SOURCE RECORDS START
(* Let $A\in\mathbb{R}^{n\times n}$ be symmetric with eigenvalues $\alpha_1\ge\cdots\ge\alpha_n$, $g\in\mathbb{R}^n$ nonzero, $\Delta>0$, and consider the TRS of minimizing $\frac12x^TAx+x^Tg$ subject to $\|x\|\le\Delta$, in the easy case. With the notation of the context, suppose $\|x_{opt}\|=\|x_k\|=\Delta$. Then $$\sin\angle(x_{opt},x_k)\le\sqrt\kappa\sqrt{\sin^2\angle(x_{opt},\mathcal{K}_k)+\sin^4\angle(x_{opt},\mathcal{K}_k)}\le2\sqrt\kappa\Big(\frac{\sqrt\kappa-1}{\sqrt\kappa+1}\Big)^k+4\sqrt\kappa\Big(\frac{\sqrt\kappa-1}{\sqrt\kappa+1}\Big)^{2k},$$ where $\mathcal{K}_k=\mathcal{K}_k(A,g)$.
   Context: Norms are Euclidean. $x_{opt}$ is a global minimizer of the TRS with multiplier $\lambda_{opt}\ge0$ ($(A+\lambda_{opt}I)x_{opt}=-g$, $\lambda_{opt}(\Delta-\|x_{opt}\|)=0$, $A+\lambda_{opt}I\succeq0$); easy case: $\lambda_{opt}>-\alpha_n$. $\kappa=(\alpha_1+\lambda_{opt})/(\alpha_n+\lambda_{opt})$. $\mathcal{K}_k(A,g)=\mathrm{span}\{g,Ag,\ldots,A^{k-1}g\}$ with orthonormal basis $Q_k$ from the Lanczos process ($q_1=g/\|g\|$, $T_k=Q_k^TAQ_k$ tridiagonal). GLTR iterate $x_k=Q_kh_k$ where $h_k$ minimizes $\frac12h^TT_kh+\|g\|h^Te_1$ over $\|h\|\le\Delta$. For a nonzero vector $p$ and subspace $\mathcal{W}$ with orthonormal basis $W$, $\sin\angle(p,\mathcal{W})=\|(I-WW^T)p\|/\|p\|$; for vectors, $\sin\angle(x_{opt},x_k)=\min_{\chi}\|x_{opt}/\Delta-\chi x_k\|$. *)

From HB Require Import structures.
From mathcomp Require Import all_boot all_order all_algebra.
From mathcomp Require Import classical_sets reals.
Set Implicit Arguments. Unset Strict Implicit. Unset Printing Implicit Defensive.
Import Order.TTheory GRing.Theory Num.Theory.
Local Open Scope ring_scope.

Section TRSDefs.
Variable R : realType.

Definition vnorm (n : nat) (v : 'cV[R]_n) : R := Num.sqrt (\sum_i v i 0 ^+ 2).
Lemma cross_Bdiff u v : primitive cop u -> cross (Bdiff u) v = cross u v.
Proof.
move=> prim_u; have [Bdiff1 Bdiff2] := B_Bdiff_primitive prim_u.
by rewrite /cross {1}/Bdiff Bdiff1 Bdiff2.
Qed.

Lemma defect_mul_primitive u v : primitive cop u -> primitive cop v ->
  defect (u * v) = - cross u v.
Proof.
move=> prim_u prim_v; have cop_uv := teq_cop_mul_primitive hopf prim_u prim_v.
have prim_u2 := primitive_coalg_hom coalg_B2 B2_1 prim_u.
have prim_v2 := primitive_coalg_hom coalg_B2 B2_1 prim_v.
have S_B2uv : S (B2 (u * v)) = B2 u * B2 v + B2 v * B2 u - B2 (u * v).
  apply: (S_cop_primitive_pair hopf prim_u2 prim_v2).
  by have := teq_coalg_hom coalg_B2 cop_uv; rewrite /= B2_1.
rewrite /defect /rb_sum (cop_uv _ _ (bilin_rb_sum 1)) /tsum !big_cons big_nil /=.
rewrite S_B2uv B1_1 B2_1 (S1 hopf) (S_primitive hopf prim_u2) (S_primitive hopf prim_v2).
rewrite /cross /Bdiff !mulr1 !mul1r !mulrN !mulrBl !opprD !opprK !addrA addr0.
by rewrite (ACl ((1*7)*(6*8)*2*4*3*5)) /= subrr addNr !add0r.
Qed.

Lemma defect_rb_sum a b : primitive cop a -> primitive cop b ->
  defect (rb_sum a b) = - cross a b.
Proof.
move=> prim_a prim_b; have prim_a1 := primitive_coalg_hom coalg_B1 B1_1 prim_a.
have prim_a2 := primitive_coalg_hom coalg_B2 B2_1 prim_a.
rewrite rb_sum_primitive // (linB _ _ lin_defect) !defect_mul_primitive //.
by rewrite opprK (crossC b) addrC -opprB -crossBl -/(Bdiff a) cross_Bdiff.
Qed.

Lemma rb_lie_system : rb_lie_sys (primitive cop) B1 (fun x => - B2 x).
Proof.
move=> a b prim_a prim_b; rewrite !lie_commNN (lie_commC (B2 a)).
have [rb1_ab rb2_ab] := rb_identity a b; have [rb1_ba rb2_ba] := rb_identity b a.
set w := rb_sum a b - rb_sum b a.
have comm1 : lie_comm (B1 a) (B1 b) = B1 w by rewrite /lie_comm rb1_ab rb1_ba linB.
have comm2 : lie_comm (B2 a) (B2 b) = B2 w by rewrite /lie_comm rb2_ab rb2_ba linB.
have : defect w = 0.
  by rewrite (linB _ _ lin_defect) !defect_rb_sum // (crossC b) subrr.
rewrite /defect /Bdiff -comm1 -comm2 => /eqP; rewrite subr_eq0 => /eqP rb_sum_w.
have [B1_w B2_w] := B_rb_sum1 w.
by rewrite -rb_sum_w B1_w B2_w -comm1 -comm2.
Qed.

End RotaBaxterSystem.

Theorem mainTheorem8 (F : fieldType) (H : algType F)
  (cop : H -> seq (H * H)) (eps : H -> F) (S B1 B2 : H -> H) :
  [pchar F] =i pred0 ->
  rb_hopf_sys cop eps S B1 B2 ->
  [/\ (forall g, grouplike cop g -> grouplike cop (B1 g) /\ grouplike cop (B2 g)),
      (forall x, primitive cop x -> primitive cop (B1 x) /\ primitive cop (B2 x)),
      (forall g, grouplike cop g -> grouplike cop (S (B2 g))),
      rb_group_sys (grouplike cop) B1 (fun g => S (B2 g))
    & rb_lie_sys (primitive cop) B1 (fun x => - B2 x)].
Proof.
move=> _ rb; have [hopf coalg_B1 coalg_B2 [B1_1 B2_1] _] := rb.
split.
- by move=> g gl_g; split; [exact: (grouplike_coalg_hom hopf coalg_B1 gl_g) |
                            exact: (grouplike_coalg_hom hopf coalg_B2 gl_g)].
- by move=> x prim_x; split; [exact: (primitive_coalg_hom coalg_B1 B1_1 prim_x) |
                              exact: (primitive_coalg_hom coalg_B2 B2_1 prim_x)].
- by move=> g /(grouplike_coalg_hom hopf coalg_B2) /(grouplikeS hopf).
- exact: (rb_group_system rb).
- exact: (rb_lie_system rb).
Qed.
(* Let $(\theta_t)_{t\in\mathbb R}$ be a smooth green path, $t_0\in\mathbb R$, and $M\in\mathcal G$ nonzero. Let $M=M_0\supsetneq M_1\supsetneq\cdots\supsetneq M_m=0$ be a chain of strict subobjects of $M$ with $M_{k-1}/M_k\in\mathcal W(\theta_{t_k})$ for real numbers $t_1>t_2>\cdots>t_m$ (such a chain exists and is unique). Then $M\in\mathcal P(\theta_{t_0})$ if and only if $t_k<t_0$ for all $k$, i.e. if and only if $t_1<t_0$.
   Context: Let $\Lambda$ be a finite dimensional algebra over a field with $n$ isoclasses of simple modules, and $\mathrm{mod}\text-\Lambda$ the category of finitely generated right $\Lambda$-modules. Fix a torsion class $\mathcal G\subseteq\mathrm{mod}\text-\Lambda$ (closed under isomorphisms, extensions and quotients). For $B\in\mathcal G$, a subobject of $B$ is a submodule in $\mathcal G$; a subobject $A\subseteq B$ is strict if $A\cap B'\in\mathcal G$ for every subobject $B'$ of $B$; a strict quotient of $B$ is $B/A$ with $A$ a strict subobject. Let $V_\Lambda=\mathrm{Hom}_{\mathbb Z}(K_0\Lambda,\mathbb R)\cong\mathbb R^n$; $\theta(M)$ denotes $\theta$ applied to the dimension vector of $M$. For $M\in\mathcal G$, $D_{\mathcal G}(M)$ is the set of $\theta$ with $\theta(M)=0$ and $\theta(M')\le0$ for every strict subobject $M'$ of $M$; $\mathcal W(\theta)$ is the class of $X\in\mathcal G$ with $\theta\in D_{\mathcal G}(X)$. $\mathcal P(\theta)$ is the class consisting of $0$ and all nonzero $M\in\mathcal G$ with $\theta(M'')>0$ for every nonzero strict quotient $M''$ of $M$ (including $M''=M$). A smooth green path is a smooth map $t\mapsto\theta_t$, $\mathbb R\to V_\Lambda$, such that: (1) whenever $\theta_{t_0}\in D_{\mathcal G}(M)$ for some nonzero $M\in\mathcal G$, $\frac{d}{dt}\theta_t(M)|_{t=t_0}>0$; (2) there is $T$ such that $\theta_t(M)>0$ for all $t>T$ and all nonzero $M\in\mathcal G$; (3) there is $T'$ such that $\theta_t(M)<0$ for all $t<T'$ and all nonzero $M\in\mathcal G$. *)

From HB Require Import structures.
From mathcomp Require Import all_boot all_order all_algebra.
From mathcomp Require Import falgebra.
From mathcomp Require Import all_classical all_reals all_analysis.
Set Implicit Arguments. Unset Strict Implicit. Unset Printing Implicit Defensive.
Import Order.TTheory GRing.Theory Num.Theory.
Local Open Scope ring_scope.
Lemma window_proper i : exists j, j \notin window i.
Proof.
have [j j_out|all_in] := pickP [pred j | j \notin window i]; first by exists j.
suff full : window i = [set: 'I_n].
  by move: a_lt_n; rewrite -(card_window i) full cardsT card_ord ltnn.
by apply/setP => j; rewrite inE; apply/negbFE/all_in.
Qed.

Lemma window_eq_or_leak i j :
  window i = window j \/ exists2 k, k \in window i & k \notin window j.
Proof.
case: (boolP (window i \subset window j)) => [sub_ij|/subsetPn[k k_i k_j]].
  by left; apply/eqP; rewrite eqEcard sub_ij !card_window /=.
by right; exists k.
Qed.

(* Each coordinate lies in exactly [a] windows. *)
Lemma sum_mdeg_on_window (m : 'X_{1..n}) :
  (\sum_(i < n) mdeg_on (window i) m = a * mdeg m)%N.
Proof.
have mdeg_window i : mdeg_on (window i) m = (\sum_(k < a) m (i + inZp k)%R)%N.
  by rewrite /mdeg_on big_imset //= => k k' _ _; apply: window_inj.
under eq_bigr => i _ do rewrite mdeg_window.
rewrite exchange_big /= mdegE (eq_bigr (fun=> \sum_(i < n) m i)%N).
  by rewrite sum_nat_const card_ord.
by move=> k _; symmetry; rewrite (reindex_inj (addIr (inZp k : 'I_n))).
Qed.

Definition cyclic_config : seq (fat_comp K n) :=
  [seq coord_comp K (window i) | i <- enum 'I_n].

Definition cyclic_ideal : P -> Prop := fatflat_ideal cyclic_config.

Lemma cyclic_idealP f : cyclic_ideal f <-> forall i, coord_ideal (window i) f.
Proof.
have coord_pow1 i : ideal_pow (lin_ideal (coord_comp K (window i))) 1 f
    <-> coord_ideal (window i) f.
  have eq_lin := @lin_ideal_coord_comp K n (window i).
  have pow1 := ideal_pow1 f (coord_ideal_is_ideal K (window i)).
  split=> [/(eq_ideal_pow eq_lin)/pow1 //|/pow1].
  by apply: eq_ideal_pow => g; apply: iff_sym.
rewrite /cyclic_ideal /fatflat_ideal /cyclic_config Forall_map_mem.
by split=> [f_I i|f_I i _]; apply/coord_pow1; [apply: f_I; rewrite mem_enum|].
Qed.
Lemma pairing_graph_bigcup (F : set (set ((T * T) * T))) :
  F `<=` pairing_graph -> total_on F subset -> pairing_graph (\bigcup_(G in F) G).
Proof.
move=> FP Ftot.
have in_larger G1 G2 q1 q2 : F G1 -> F G2 -> G1 q1 -> G2 q2 ->
    exists2 G, F G & G q1 /\ G q2.
  move=> FG1 FG2 G1q G2q; have [G12|G21] := Ftot _ _ FG1 FG2.
    by exists G2 => //; split => //; apply: G12.
  by exists G1 => //; split => //; apply: G21.
split.
- move=> p y y' [G1 FG1 G1y] [G2 FG2 G2y'].
  have [G FG [Gy Gy']] := in_larger _ _ _ _ FG1 FG2 G1y G2y'.
  by case: (FP _ FG) => Gf _ _ _; apply: Gf Gy Gy'.
- move=> p p' y [G1 FG1 G1p] [G2 FG2 G2p'].
  have [G FG [Gp Gp']] := in_larger _ _ _ _ FG1 FG2 G1p G2p'.
  by case: (FP _ FG) => _ Gi _ _; apply: Gi Gp Gp'.
- move=> a b; split.
    move=> [y [G FG Gy]]; case: (FP _ FG) => _ _ Gd _.
    have [[p1 h1] [p2 h2]] := proj1 (Gd a b) (ex_intro _ y Gy).
    by split; [exists p1|exists p2]; exists G.
  move=> [[p1 [G1 FG1 G1a]] [p2 [G2 FG2 G2b]]].
  have [G FG [Ga Gb]] := in_larger _ _ _ _ FG1 FG2 G1a G2b.
  case: (FP _ FG) => _ _ Gd _.
  have [y Gy] := proj2 (Gd a b) (conj (ex_intro _ _ Ga) (ex_intro _ _ Gb)).
  by exists y; exists G.
- have [[G [FG nG]]|nG] := pselect (exists G, F G /\ G !=set0).
    case: (FP _ FG) => _ _ _ [G0|natG]; first by case: nG => q; rewrite G0.
    right; apply: injects_trans natG (injects_subset _).
    by apply: graph_image_mono => q Gq; exists G.
  left; apply/seteqP; split => // q [G FG Gq].
  by apply: nG; exists G; split => //; exists q.
Qed.

Lemma pairing_graph_nat : injects nat T -> exists2 G, pairing_graph G & G !=set0.
Proof.
move=> [n0 n0i].
have [b0 [b0' b0K b0K']] : exists b : nat * nat -> nat, bijective b.
  by apply: injects_bij; [exact: injects_nat2|exists (fun n => (n, 0%N)) => x y []].
pose G q := exists a b, q = ((n0 a, n0 b), n0 (b0 (a, b))).
have imG y : graph_image G y <-> range n0 y.
  split; first by move=> [p [a [b [_ ->]]]]; exists (b0 (a, b)).
  move=> [n _ <-]; exists (n0 (b0' n).1, n0 (b0' n).2).
  by exists (b0' n).1, (b0' n).2; rewrite -surjective_pairing b0K'.
exists G; last by exists ((n0 0, n0 0), n0 (b0 (0, 0)))%N; exists 0%N, 0%N.
split.
- by move=> p y y' [a [b [-> ->]]] [a' [b' [[/n0i -> /n0i ->] ->]]].
- move=> p p' y [a [b [-> ->]]] [a' [b' [-> /n0i /(can_inj b0K) [-> ->]]]] //.
- move=> a b; split.
    by move=> [y [a' [b' [[-> ->] _]]]]; split; apply/imG; apply: imageT.
  move=> [/imG [a' _ <-] /imG [b' _ <-]].
  by exists (n0 (b0 (a', b'))); exists a', b'.
- right; exists (fun n => SigSub (mem_set (proj2 (imG _) (imageT n0 n)))).
  by move=> x y /(congr1 val) /n0i.
Qed.

Definition new_pairs (S S' : set T) : set (T * T) :=
  [set p | [/\ (S `|` S') p.1, (S `|` S') p.2 & ~ (S p.1 /\ S p.2)]].

Lemma new_pairs_bij (S S' : set T) : injects nat S -> injects (S * S) S ->
  injects S S' -> injects S' S -> (forall y, S' y -> ~ S y) ->
  exists beta : new_pairs S S' -> S', bijective beta.
Proof.
move=> natS SS SS' S'S disj; apply: injects_bij.
  have SUS : injects (S `|` S') S.
    apply: injects_trans (injects_setU _ _) _.
    apply: injects_trans (injects_sum (injects_refl _) S'S) _.
    exact: injects_trans (injects_sum_prod natS) SS.
  apply: injects_trans (injects_subset (B := (S `|` S') `*` (S `|` S')) _) _.
    by move=> p [].
  apply: injects_trans (injects_setX _ _) _.
  exact: injects_trans (injects_prod SUS SUS) (injects_trans SS SS').
have diag (y : S') : new_pairs S S' (val y, val y).
  have S'y := set_mem (valP y).
  by split; [right|right|move=> [/(disj _ S'y)]].
by exists (fun y => SigSub (mem_set (diag y))) => x y /(congr1 val) [] /val_inj.
Qed.

Lemma pairing_graph_setU G (S' : set T) (beta : new_pairs (graph_image G) S' -> S') :
  pairing_graph G -> injects nat (graph_image G) ->
  (forall y, S' y -> ~ graph_image G y) -> bijective beta ->
  pairing_graph (G `|` [set q | exists r, val r = q.1 /\ val (beta r) = q.2]).
Proof.
move=> [Gf Gi Gd _] natS S'S [beta' betaK betaK'].
set S := graph_image G in natS S'S Gd beta beta' betaK betaK' *.
set G' := G `|` _.
have beta_S' r : S' (val (beta r)) by apply: set_mem (valP _).
have imG' y : graph_image G' y <-> S y \/ S' y.
  split.
    by move=> [p [Gp|[r [_ /= <-]]]]; [left; exists p|right; apply: beta_S'].
  move=> [[p Gp]|S'y]; first by exists p; left.
  exists (val (beta' (SigSub (mem_set S'y)))); right.
  by exists (beta' (SigSub (mem_set S'y))); rewrite betaK'.
have not_new a b : S a -> S b -> ~ new_pairs S S' (a, b) by move=> Sa Sb [_ _]; apply.
split.
- move=> [a b] y y' [Gy|[r [/= rab <-]]] [Gy'|[r' [/= r'ab <-]]].
  + exact: Gf Gy Gy'.
  + have [Sa Sb] := proj1 (Gd a b) (ex_intro _ y Gy).
    by case: (not_new a b Sa Sb); rewrite -r'ab; apply: set_mem (valP r').
  + have [Sa Sb] := proj1 (Gd a b) (ex_intro _ y' Gy').
    by case: (not_new a b Sa Sb); rewrite -rab; apply: set_mem (valP r).
  + by have -> : r = r' by apply: val_inj; exact: etrans rab (esym r'ab).
- move=> p p' y [Gy|[r [/= <- /= ry]]] [Gy'|[r' [/= <- /= r'y]]].
  + exact: Gi Gy Gy'.
  + by case: (S'S y); [rewrite -r'y; apply: beta_S'|exists p].
  + by case: (S'S y); [rewrite -ry; apply: beta_S'|exists p'].
  + by rewrite (can_inj betaK (val_inj (etrans ry (esym r'y)))).
- move=> a b; split.
    move=> [y [Gy|[r [/= rab _]]]].
      have [Sa Sb] := proj1 (Gd a b) (ex_intro _ y Gy).
      by split; apply/imG'; left.
    have [Ua Ub _] : new_pairs S S' (a, b) by rewrite -rab; apply: set_mem (valP r).
    by split; apply/imG'.
  move=> [/imG' Ua /imG' Ub].
  have [Sab|nSab] := pselect (S a /\ S b).
    by have [y Gy] := proj2 (Gd a b) Sab; exists y; left.
  have new_ab : new_pairs S S' (a, b) by [].
  exists (val (beta (SigSub (mem_set new_ab)))); right.
  by exists (SigSub (mem_set new_ab)).
- by right; apply: injects_trans natS (injects_subset _) => y Sy; apply/imG'; left.
Qed.

Lemma pairing_graph_extend G : pairing_graph G -> G !=set0 ->
  injects (graph_image G) (~` graph_image G) -> exists2 G', pairing_graph G' & G `<` G'.
Proof.
move=> PG [[p0 y0] Gq0] [k ki]; set S := graph_image G in k ki *.
have natS : injects nat S by case: PG => _ _ _ [G0|//]; move: Gq0; rewrite G0.
pose k' (s : S) : T := val (k s).
have k'i : injective k' by move=> x y /val_inj /ki.
have S'S y : range k' y -> ~ S y by move=> [s _ <-]; apply: (set_mem (valP (k s))).
have [beta beta_bij] : exists beta : new_pairs S (range k') -> range k', bijective beta.
  apply: new_pairs_bij => //; first exact: pairing_graph_injects.
    by exists (fun s => SigSub (mem_set (imageT k' s))) => x y /(congr1 val) /k'i.
  exact: injects_trans (injects_image k' _) (injects_val _).
have [beta' _ betaK'] := beta_bij.
eexists; first exact: pairing_graph_setU PG natS S'S beta_bij.
split => [q Gq|]; first by left.
pose s0 : S := SigSub (mem_set (ex_intro _ p0 Gq0 : S y0)).
pose r := beta' (SigSub (mem_set (imageT k' s0))).
move=> /(_ (val r, k' s0)) G'G.
have Gr : G (val r, k' s0) by apply: G'G; right; exists r; rewrite /r betaK'.
by apply: (S'S _ (imageT k' s0)); exists (val r).
Qed.
(* Let $(n_0^{(m)},n_1^{(m)})_{m\ge 1}$ be a sequence of pairs of integers with $2\le n_0^{(m)}\le n_1^{(m)}$, $n_1^{(m)}\to\infty$, and $n_0^{(m)}=(\log n_1^{(m)})^{\omega(1)}$, i.e. $\frac{\log n_0^{(m)}}{\log\log n_1^{(m)}}\to\infty$ as $m\to\infty$. Writing $n_0=n_0^{(m)}$, $n_1=n_1^{(m)}$, let $k=\frac{\log n_1}{\log n_0}$ and let $x_0$ be the unique root of the equation $x-1-x^{\frac{k-1}{k}}=0$ in the interval $[1,\infty)$. Then $$ch(K_{n_0,n_1})=(1+o(1))\frac{\log n_1}{\log x_0},$$ i.e. $ch(K_{n_0,n_1})\big/\frac{\log n_1}{\log x_0}\to 1$ as $m\to\infty$.
   Context: All logarithms are to base 2. For a graph $G=(V,E)$, the choice number $ch(G)$ is the minimum integer $k$ such that for every assignment of a list $S(v)$ of at least $k$ colors to each vertex $v\in V$, there is a proper vertex coloring of $G$ assigning to each vertex $v$ a color from $S(v)$. $K_{n_0,n_1}$ denotes the complete bipartite graph with parts of sizes $n_0$ and $n_1$. *)

From mathcomp Require Import all_boot.
From Stdlib Require Import Reals ClassicalEpsilon.
Set Implicit Arguments. Unset Strict Implicit. Unset Printing Implicit Defensive.

(* A graph is an edge relation e on a finite vertex type V.
   Colours are natural numbers (any finite colour palette injects into nat). *)
Definition choosable (V : finType) (e : rel V) (k : nat) : Prop :=
  forall S : V -> seq nat,
    (forall v, k <= size (undup (S v))) ->
    exists c : V -> nat,
      (forall v, c v \in S v) /\ (forall u v, e u v -> c u <> c v).

Definition is_choice_number (V : finType) (e : rel V) (k : nat) : Prop :=
  choosable e k /\ forall k', choosable e k' -> k <= k'.

Definition ch (V : finType) (e : rel V) : nat :=
  epsilon (inhabits 0) (is_choice_number e).

Definition Kbip (n0 n1 : nat) : rel ('I_n0 + 'I_n1)%type :=
  fun u v => match u, v with
             | inl _, inr _ => true
             | inr _, inl _ => true
             | _, _ => false
             end.

Definition log2 (x : R) : R := (ln x / ln 2)%R.
Arguments Kbip n0 n1 : clear implicits.

(* Write l = ln n0, L = ln n1 and z = ln x0.  Dividing the equation of x0 by x0 turns it
   into exp (-z) + exp (-z l / L) = 1, and ch(K_{n0,n1}) turns out to be (1 + o(1)) L / z.

   Upper bound: reserve every colour for the n0-side with probability p (realised by counting
   maps from the palette to 'I_b).  A vertex can only fail if all s colours of its list lie on
   the wrong side, so lists of size s can be coloured once n0 (1 - p)^s + n1 p^s < 1.  With
   p^s = 1 / (2 n1) this becomes 2^(-1/s) (n1^(-1/s) + n0^(-1/s)) > 1, which holds for
   s = (1 + eps) L / z by the equation of z.

   Lower bound: give every vertex a random s-subset of a palette of N colours.  In a colouring,
   the set U of colours used on the n0-side meets every n0-list while no n1-list lies inside U;
   for s = (1 - eps) L / z and N of order L^2 / eps, a fixed U of size j does this with
   probability at most exp (-2N), and there are only 2^N sets U.

   Both error terms are O(eps L / z) as soon as ln n0 is a large multiple of ln ln n1. *)

From Stdlib Require Import Reals Lra ClassicalEpsilon Classical Wf_nat.
From mathcomp Require Import all_boot zify.
Set Implicit Arguments. Unset Strict Implicit. Unset Printing Implicit Defensive.

(** * The choice number *)

Section ChoiceNumber.
Variables (V : finType) (e : rel V).

Lemma choosable_leq k k' : choosable e k -> k <= k' -> choosable e k'.
Proof. by move=> ch_k le_kk' S HS; apply: ch_k => v; apply: leq_trans le_kk' (HS v). Qed.
Lemma rel_measure_rcons X u c :
  rel_measure X u = (rel_measure X (rcons u c) + rel_measure X (rcons u (~~ c))) / 2.
Proof.
have e1 : X `&` cyl u `&` cyl (rcons u c) = X `&` cyl (rcons u c).
  rewrite -setIA; congr (_ `&` _); apply/seteqP; split=> [z [] //|z cc].
  by split => //; case/cyl_rcons: cc.
have e2 : X `&` cyl u `&` ~` cyl (rcons u c) = X `&` cyl (rcons u (~~ c)).
  rewrite -setIA; congr (_ `&` _); apply/seteqP; split.
    move=> z [cu ncc]; apply/cyl_rcons; split => //.
    apply: contra_notP ncc => zc; apply/cyl_rcons; split => //.
    by move: zc; case: (z (size u)); case: (c).
  by move=> z /cyl_rcons [cu zc]; split => // /cyl_rcons [_]; rewrite zc; case: (c).
have hc := caratheodory_measurable_mu_ext mu (measurable_cyl (rcons u c)) (X `&` cyl u).
rewrite /rel_measure hc e1 e2 fineD ?mu_ext_setIcyl_fin // !size_rcons exprS.
by field.
Qed.

Lemma rel_measureE_measurable X u : measurable (X `&` cyl u : set BT) ->
  rel_measure X u = fine (mu (X `&` cyl u)) * 2 ^+ size u.
Proof. by move=> m; rewrite /rel_measure measurable_mu_extE. Qed.

Lemma rel_measure_appset {X s} {Y : set CS} {w} : measurable (Y : set BT) ->
  X `&` cyl (s ++ w) = appset s (Y `&` cyl w) -> rel_measure X (s ++ w) = rel_measure Y w.
Proof.
move=> mY e; have mYw := measurable_setIcyl w mY.
rewrite rel_measureE_measurable; last by rewrite e; exact: measurable_appset.
rewrite e measure_appset // rel_measureE_measurable //.
have hf : mu (Y `&` cyl w) \is a fin_num.
  by rewrite -measurable_mu_extE // mu_ext_setIcyl_fin.
by rewrite fineM // size_cat exprD /=; field; rewrite expf_neq0.
Qed.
SOURCE RECORDS END
* **WORK REQUEST**: Look through the data above for the word "ClassicalEpsilon". Report each line where it occurs.

* **RESPONSE**:
From Stdlib Require Import Reals ClassicalEpsilon.
From Stdlib Require Import Reals Lra ClassicalEpsilon Classical Wf_nat.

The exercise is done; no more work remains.